Detener la pérdida de calor en el secado de obleas
Al secar obleas en una planta de fabricación, es necesario encontrar un equilibrio delicado. Es preciso eliminar la humedad de su superficie rápidamente, pero si se utiliza demasiado calor, existe el riesgo de dañar las obleas.
La mayoría de nosotros utilizamos emisores infrarrojos para esto. Pero aquí está el problema: una lámpara de cuarzo convencional es bastante ineficiente. Una gran parte del calor se dispersa en todas direcciones, impactando en las paredes de la máquina en lugar de en las obleas. Es como intentar calentar una habitación con las ventanas abiertas.
Entonces entra en juego el reflector recubierto de oro.
Utilizamos oro de alta pureza en el revestimiento del reflector, porque, francamente, el oro es mucho mejor para reflejar los rayos infrarrojos que el aluminio o el acero pulido. Captura más de esos rayos de onda larga y corta y los dirige directamente hacia el objetivo.
En lugar de dejar que toda esa energía se desperdicie, la capa de oro la concentra. De esta manera, se obtiene un flujo de calor mucho más eficiente. Lo mejor de todo es que se puede alcanzar la temperatura deseada utilizando mucha menos energía.
Pero no basta con aumentar la intensidad del calor. Cuando se concentra tanta energía, la densidad térmica en el punto focal se vuelve muy alta. Si se configura el sistema para máxima intensidad, la velocidad de secado de las obleas debe mantenerse constante. Si el transportador se detiene, incluso por un segundo, existe el riesgo de sobrecalentamiento.
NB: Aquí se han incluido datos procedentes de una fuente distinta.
(* Write [q(y) = b y^2 - a y + c] and [P_t(y) = A y^2 + B y + C], so that the equation reads
   [x' = x P_t(x)].  The hypothesis gives [(aA + bB) (P_t' q - P_t q') < 0] for all [y],
   so [y |-> P_t(y) / q(y)] is strictly monotone, in a direction independent of [t], on every
   interval where [q] does not vanish.

   A nonzero periodic orbit never meets [0] (uniqueness of solutions), nor a root [r] of [q]:
   there [x' = r P_t(r)] has a sign independent of [t], so [x - r] can only change sign in
   one direction, which is impossible for a periodic function.  Hence each orbit stays in one
   of the at most four components of [{y | y q(y) <> 0}].  Two distinct orbits [x1], [x2] in
   the same component are impossible: for [h' = 1 / (y q(y))] the function
   [h(x2) - h(x1)] is periodic, yet its derivative [P_t/q (x2) - P_t/q (x1)] never vanishes. *)

(* Solutions are only defined on [[0, 1]], with one-sided derivatives at the ends; composing
   with the clamp gives functions continuous on all of [R], to which MVT and IVT apply. *)
Definition clamp01 (t : R) : R := Rmax 0 (Rmin 1 t).
Definition extend01 (x : R -> R) (t : R) : R := x (clamp01 t).

Lemma clamp01_in t : 0 <= clamp01 t <= 1.
Proof. unfold clamp01, Rmax, Rmin; repeat destruct Rle_dec; lra. Qed.

Lemma clamp01_id t : 0 <= t <= 1 -> clamp01 t = t.
Proof. unfold clamp01, Rmax, Rmin; repeat destruct Rle_dec; lra. Qed.

Lemma clamp01_lipschitz s t : Rabs (clamp01 s - clamp01 t) <= Rabs (s - t).
Proof.
  unfold clamp01, Rmax, Rmin; repeat destruct Rle_dec;
    unfold Rabs; repeat destruct Rcase_abs; lra.
Qed.

Lemma extend01_id x t : 0 <= t <= 1 -> extend01 x t = x t.
Proof. intros Ht; unfold extend01; rewrite clamp01_id; auto. Qed.

Lemma continuity_pt_extend01 f :
  (forall s, 0 <= s <= 1 -> continuity_pt f s) -> forall t, continuity_pt (extend01 f) t.
Proof.
  intros Hf t; apply (continuity_pt_comp clamp01 f).
  - intros eps Heps; exists eps; split; [exact Heps|].
    intros s [_ Hs]; exact (Rle_lt_trans _ _ _ (clamp01_lipschitz s t) Hs).
  - apply Hf, clamp01_in.
Qed.

Lemma smooth_continuity_pt f : smooth f -> forall t, continuity_pt f t.
Proof.
  intros Hf t; apply continuity_pt_filterlim, (ex_derive_continuous f), (Hf 1%nat t).
Qed.

Lemma continuity_pt_pos_near f m :
  continuity_pt f m -> 0 < f m -> exists alp, 0 < alp /\ forall s, Rabs (s - m) < alp -> 0 < f s.
Proof.
  intros Hf Hm; destruct (Hf (f m) Hm) as [alp [Halp Hs]].
  exists alp; split; [exact Halp|]; intros s Hsm.
  destruct (Req_dec s m) as [->|Hne]; [exact Hm|].
  specialize (Hs s (conj (conj I (not_eq_sym Hne)) Hsm)); simpl in Hs; unfold R_dist in Hs.
  unfold Rabs in Hs; destruct Rcase_abs in Hs; lra.
Qed.

Lemma has_deriv_on01_quotient x t l : has_deriv_on01 x t l ->
  forall eps, 0 < eps -> exists del, 0 < del /\ forall s, 0 <= s <= 1 -> s <> t ->
    Rabs (s - t) < del -> Rabs ((x s - x t) / (s - t) - l) < eps.
Proof.
  intros Hx eps Heps.
  destruct (proj1 (filterlim_locally _ _) Hx (mkposreal eps Heps)) as [del Hdel].
  exists del; split; [apply cond_pos|]; intros s Hs Hst Hsd.
  assert (Hball : ball 0 del (s - t)) by (apply Rabs_lt_between'; apply Rabs_lt_between' in Hsd; lra).
  specialize (Hdel (s - t) Hball); replace (t + (s - t)) with s in Hdel by ring.
  apply Hdel; split; [intros E; apply Hst; lra | exact Hs].
Qed.

Lemma has_deriv_on01_lipschitz_near x t l : has_deriv_on01 x t l ->
  exists del, 0 < del /\ forall s, 0 <= s <= 1 -> Rabs (s - t) < del ->
    Rabs (x s - x t) <= (Rabs l + 1) * Rabs (s - t).
Proof.
  intros Hx; destruct (has_deriv_on01_quotient x t l Hx 1 Rlt_0_1) as [del [Hdel Hq]].
  exists del; split; [exact Hdel|]; intros s Hs Hsd.
  destruct (Req_dec s t) as [->|Hst].
  { rewrite !Rminus_diag, Rabs_R0, Rmult_0_r; lra. }
  specialize (Hq s Hs Hst Hsd).
  assert (Hst' : s - t <> 0) by (intros E; apply Hst; lra).
  replace (x s - x t) with ((x s - x t) / (s - t) * (s - t)) by (field; exact Hst').
  rewrite Rabs_mult; apply Rmult_le_compat_r; [apply Rabs_pos|].
  pose proof (Rabs_triang_inv ((x s - x t) / (s - t)) l); lra.
Qed.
También dedicamos mucho tiempo a ajustar la curvatura de estos reflectores. Queremos eliminar esas “zonas muertas” donde el calor no llega. Si la curvatura es adecuada, la energía se distribuye de manera uniforme, de modo que los bordes de las obleas se sequen tan rápido como el centro. Sin zonas frías, sin necesidad de adivinar.
Y luego está la factura de electricidad. Al analizar los informes de consumo de energía, la única cifra que realmente importa es la “energía efectiva”. Una lámpara podría consumir 2 kW, pero si no se cuenta con un reflector adecuado, quizás solo el 40% de esa energía sirva realmente para secar las obleas.
El recubrimiento de oro aumenta significativamente esa eficiencia. Se utilizan menos kilovatios por cada oblea, lo que reduce el consumo eléctrico total. Es una forma sencilla de hacer que todo el proceso sea más eficiente.